**Directions**. A verbatim copy of the lines from the one with "move=> euy; have := neighbor_dist_pair_neq" through the final line below is required; print it and nothing else.

(Dataset entries)
(* Let $G$ be a finite, simple, connected graph with $\dim_{wt}(G)=2$ and let $\{u,v\}$ be a weak total metric basis of $G$. Then $u$ and $v$ each have degree at most two.
   Context: $d(x,y)$ is the shortest-path distance. A set $W\subseteq V(G)$ is a resolving set if for every two distinct vertices $y,z$ there is $x\in W$ with $d(y,x)\ne d(z,x)$. A set $W$ is a weak total resolving set (WTR-set) if $W$ is resolving and, for every $w\in W$ and every $x\in V(G)\setminus W$, there is $w'\in W\setminus\{w\}$ with $d(x,w')\ne d(w,w')$. $\dim_{wt}(G)$ is the minimum cardinality of a WTR-set, and a weak total metric basis is a WTR-set of that cardinality. *)

From mathcomp Require Import all_boot.
Set Implicit Arguments. Unset Strict Implicit. Unset Printing Implicit Defensive.

Section Graph.
Variables (T : finType) (e : rel T).

Definition simple_graph := symmetric e /\ irreflexive e.
Definition connected_graph := forall x y : T, connect e x y.

Definition walk_n (n : nat) (x y : T) : bool :=
  [exists p : n.-tuple T, path e x p && (last x p == y)].

(* shortest-path distance: least n with an n-edge walk from x to y.
   In a connected graph this n is < #|T|, so searching 0..#|T|-1 suffices. *)
Definition dist (x y : T) : nat := find (fun n => walk_n n x y) (iota 0 #|T|).

Definition deg (x : T) : nat := #|[set y | e x y]|.

Definition resolving (W : {set T}) : bool :=
  [forall y, forall z, (y != z) ==> [exists x in W, dist y x != dist z x]].

Definition wtr_set (W : {set T}) : bool :=
  resolving W &&
  [forall w in W, forall x in ~: W,
     [exists w' in W :\ w, dist x w' != dist w w']].

(* minimum cardinality of a WTR-set (V(G) itself is always one) *)
Definition dim_wt : nat := \big[minn/#|T|]_(W : {set T} | wtr_set W) #|W|.

Definition wt_basis (W : {set T}) : bool := wtr_set W && (#|W| == dim_wt).
End Graph.

(* Let {u, v} be a weak total resolving set and d := dist u v.  Every
   neighbour y of u lies outside {u, v} or equals v, and in the first case the
   weak total condition for (u, y) forces dist y v <> d; since moving along an
   edge changes distances by at most one, dist y v is d - 1 or d + 1 (also
   when y = v, where d = 1).  All neighbours of u are at distance 1 from u, so
   resolvability makes y |-> dist y v injective on them, hence u has at most
   two neighbours. *)
From mathcomp Require Import all_boot.
From mathcomp Require Import zify.

Set Implicit Arguments.
Unset Strict Implicit.

Section Distance.
Variables (T : finType) (e : rel T).
Hypothesis conn : connected_graph e.

Lemma walk_n_short x y : exists2 k, k < #|T| & walk_n e k x y.
Proof.
have [p pth ->] := connectP (conn x y).
have [p' pth' uq _] := shortenP pth.
exists (size p'); first by have := max_card (mem (x :: p')); rewrite (card_uniqP uq).
by apply/existsP; exists (in_tuple p'); rewrite /= pth' eqxx.
Qed.

Lemma dist_lt_card x y : dist e x y < #|T|.
Proof.
have [k lk wk] := walk_n_short x y.
rewrite /dist -[X in _ < X](size_iota 0 #|T|) -has_find.
by apply/hasP; exists k; rewrite ?mem_iota.
Qed.

Lemma dist_walk x y : walk_n e (dist e x y) x y.
Proof.
have has_walk : has (fun n => walk_n e n x y) (iota 0 #|T|).
  by rewrite has_find size_iota dist_lt_card.
by have := nth_find 0 has_walk; rewrite nth_iota ?add0n // dist_lt_card.
Qed.

Lemma dist_min k x y : walk_n e k x y -> dist e x y <= k.
Proof.
move=> wk; have [lk|] := ltnP k #|T|; last first.
  by move=> le_card_k; apply/ltnW/(leq_trans (dist_lt_card x y)).
rewrite leqNgt; apply/negP => lt_k.
by have := before_find 0 lt_k; rewrite nth_iota // add0n wk.
Qed.

Lemma dist_eq0 x y : (dist e x y == 0) = (x == y).
Proof.
apply/eqP/eqP => [d0|<-].
  by have := dist_walk x y; rewrite d0 => /existsP[p]; rewrite (tuple0 p) => /eqP.
apply/eqP; rewrite -leqn0; apply: dist_min.
by apply/existsP; exists (in_tuple [::]); rewrite /= eqxx.
Qed.

Lemma dist_refl x : dist e x x = 0.
Proof. by apply/eqP; rewrite dist_eq0. Qed.

Lemma dist_edge z x y : e x y -> dist e x z <= (dist e y z).+1.
Proof.
move=> exy; apply: dist_min.
have /existsP[p /andP[pth lst]] := dist_walk y z.
by apply/existsP; exists [tuple of y :: p]; rewrite /= exy pth.
Qed.

Lemma dist_adj x y : e x y -> x != y -> dist e x y = 1.
Proof.
move=> exy nxy; have := dist_edge y exy; rewrite dist_refl -(dist_eq0 x y) in nxy *.
by case: (dist e x y) nxy => [|[]].
Qed.

End Distance.

Section WeakTotalPair.
Variables (T : finType) (e : rel T) (u v : T).
Hypotheses (conn : connected_graph e) (sg : simple_graph e) (nuv : u != v).
Hypothesis wtr : wtr_set e [set u; v].

Let sym : symmetric e := sg.1.
Let irr : irreflexive e := sg.2.

Lemma dist_pair_gt0 : 0 < dist e u v.
Proof. by rewrite lt0n (dist_eq0 conn). Qed.

Lemma neighbor_dist_pair_neq y : e u y -> dist e y v != dist e u v.
Proof.
move=> euy; have [->|nyv] := eqVneq y v.
  by rewrite dist_refl // eq_sym -lt0n dist_pair_gt0.
have nyu : y != u by apply: contraTneq euy => ->; rewrite irr.
have yW : y \in ~: [set u; v] by rewrite !inE negb_or nyu nyv.
have uW : u \in [set u; v] by rewrite !inE eqxx.
have /forall_inP/(_ u uW)/forall_inP/(_ y yW) := (andP wtr).2.
by case/exists_inP => w; rewrite !inE => /andP[/negbTE-> /eqP->].
Qed.

Lemma neighbor_dist_pair y : e u y ->
  (dist e y v == (dist e u v).-1) || (dist e y v == (dist e u v).+1).
Proof.
move=> euy; have := neighbor_dist_pair_neq euy.
have := dist_edge conn v euy; rewrite sym in euy; have := dist_edge conn v euy.
lia.
Qed.

Lemma neighbor_dist_pair_inj : {in [set y | e u y] &, injective (dist e ^~ v)}.
Proof.
move=> y z; rewrite !inE => euy euz d_yz_v; apply/eqP/negP => /negP nyz.
have /forallP/(_ y)/forallP/(_ z) := (andP wtr).1.
rewrite nyz => /exists_inP[w]; rewrite !inE => /orP[]/eqP->; last by rewrite d_yz_v eqxx.
have adj_u x : e u x -> dist e x u = 1.
  move=> eux; apply: (dist_adj conn); first by rewrite sym.
  by apply: contraTneq eux => ->; rewrite irr.
by rewrite !adj_u.
Qed.

Lemma deg_wtr_pair : deg e u <= 2.
Proof.
pose below y := dist e y v < dist e u v.
have below_inj : {in [set y | e u y] &, injective below}.
  move=> y z Ny Nz /= eq_below; apply: neighbor_dist_pair_inj => //.
  move: eq_below Ny Nz; rewrite /below !inE => + /neighbor_dist_pair + /neighbor_dist_pair.
  by have := dist_pair_gt0; lia.
rewrite /deg -(card_in_imset below_inj).
by apply: leq_trans (max_card _) _; rewrite card_bool.
Qed.

End WeakTotalPair.

Theorem theorem1 (T : finType) (e : rel T) (u v : T) :
  simple_graph e -> connected_graph e ->
  dim_wt e = 2 -> u != v -> wt_basis e [set u; v] ->
  deg e u <= 2 /\ deg e v <= 2.
Proof.
move=> sg conn _ nuv /andP[wtr _]; split; first exact: deg_wtr_pair wtr.
have swap : [set v; u] = [set u; v] by apply/setP => x; rewrite !inE orbC.
by apply: (deg_wtr_pair conn sg (v := u)); rewrite 1?eq_sym // swap.
Qed.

**Output below**.
move=> euy; have := neighbor_dist_pair_neq euy.
have := dist_edge conn v euy; rewrite sym in euy; have := dist_edge conn v euy.
lia.
Qed.

Lemma neighbor_dist_pair_inj : {in [set y | e u y] &, injective (dist e ^~ v)}.
Proof.
move=> y z; rewrite !inE => euy euz d_yz_v; apply/eqP/negP => /negP nyz.
have /forallP/(_ y)/forallP/(_ z) := (andP wtr).1.
rewrite nyz => /exists_inP[w]; rewrite !inE => /orP[]/eqP->; last by rewrite d_yz_v eqxx.
have adj_u x : e u x -> dist e x u = 1.
  move=> eux; apply: (dist_adj conn); first by rewrite sym.
  by apply: contraTneq eux => ->; rewrite irr.
by rewrite !adj_u.
Qed.

Lemma deg_wtr_pair : deg e u <= 2.
Proof.
pose below y := dist e y v < dist e u v.
have below_inj : {in [set y | e u y] &, injective below}.
  move=> y z Ny Nz /= eq_below; apply: neighbor_dist_pair_inj => //.
  move: eq_below Ny Nz; rewrite /below !inE => + /neighbor_dist_pair + /neighbor_dist_pair.
  by have := dist_pair_gt0; lia.
rewrite /deg -(card_in_imset below_inj).
by apply: leq_trans (max_card _) _; rewrite card_bool.
Qed.

End WeakTotalPair.

Theorem theorem1 (T : finType) (e : rel T) (u v : T) :
  simple_graph e -> connected_graph e ->
  dim_wt e = 2 -> u != v -> wt_basis e [set u; v] ->
  deg e u <= 2 /\ deg e v <= 2.
Proof.
move=> sg conn _ nuv /andP[wtr _]; split; first exact: deg_wtr_pair wtr.
have swap : [set v; u] = [set u; v] by apply/setP => x; rewrite !inE orbC.
by apply: (deg_wtr_pair conn sg (v := u)); rewrite 1?eq_sym // swap.
Qed.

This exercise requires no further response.